▶ [Directions for this task]
Pick out all lines in the listing holding the string "that" and copy them.

▶ [Input records]
..........

Definition abs_continuous_on (R : realType) (a b : R) (f : R -> R) : Prop :=
  forall eps : R, 0 < eps -> exists2 delta : R, 0 < delta &
    forall (n : nat) (u v : nat -> R),
      (forall i, (i < n)%N -> a <= u i /\ u i <= v i /\ v i <= b) ->
      (forall i j, (i < n)%N -> (j < n)%N -> i <> j -> v i <= u j \/ v j <= u i) ->
      \sum_(i < n) (v i - u i) < delta ->
      \sum_(i < n) `|f (v i) - f (u i)| < eps.

Definition convex_on (R : realType) (a b : R) (h : R -> R) : Prop :=
  forall x y t : R, a <= x <= b -> a <= y <= b -> 0 <= t <= 1 ->
    h (t * x + (1 - t) * y) <= t * h x + (1 - t) * h y.

(* Put lambda := \int_a^b g and c := a + lambda.  Then
   \int_a^c f - \int_a^b f g = \int_a^c f (1 - g) - \int_c^b f g, where the
   weights 1 - g on [a, c] and g on [c, b] take values in [0, 1] and have the
   same mass; subtracting f(c) times that mass bounds the difference by
   \int_a^c |f - f(c)| + \int_c^b |f - f(c)|.  By convexity |f'| lies below its
   chord on [a, c] and on [c, b], so |f(t) - f(c)| is at most the integral of
   that chord between t and c, a quadratic in t whose integral is the
   right-hand side.  The second inequality is the same argument with
   c := b - lambda.
   Integrating the a.e. inequality |f'| <= phi for an absolutely continuous f
   is done by real induction: the null set where f' may fail to exist is
   covered by an open set of small measure, on which the growth of f is
   controlled by absolute continuity. *)

From HB Require Import structures.
From mathcomp Require Import all_boot all_order all_algebra.
From mathcomp Require Import all_classical all_reals all_analysis.
From mathcomp Require Import ring lra measurable_realfun.

Set Implicit Arguments.
Unset Strict Implicit.

Import Order.TTheory GRing.Theory Num.Theory.
Import numFieldNormedType.Exports.
Local Open Scope classical_set_scope.
Local Open Scope ring_scope.
Section WeightedIntegrals.
Context d (T : measurableType d) (R : realType) (mu : {measure set T -> \bar R}).
Implicit Types (D : set T) (f w : T -> R).

Lemma integrableB_EFin D f1 f2 : measurable D ->
  mu.-integrable D (EFin \o f1) -> mu.-integrable D (EFin \o f2) ->
  mu.-integrable D (EFin \o (fun x => f1 x - f2 x)).
Proof.
by move=> mD i1 i2; apply: eq_integrable (integrableB mD i1 i2).
Qed.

..........

▶ [Output of the exercise]
   same mass; subtracting f(c) times that mass bounds the difference by
   that chord between t and c, a quadratic in t whose integral is the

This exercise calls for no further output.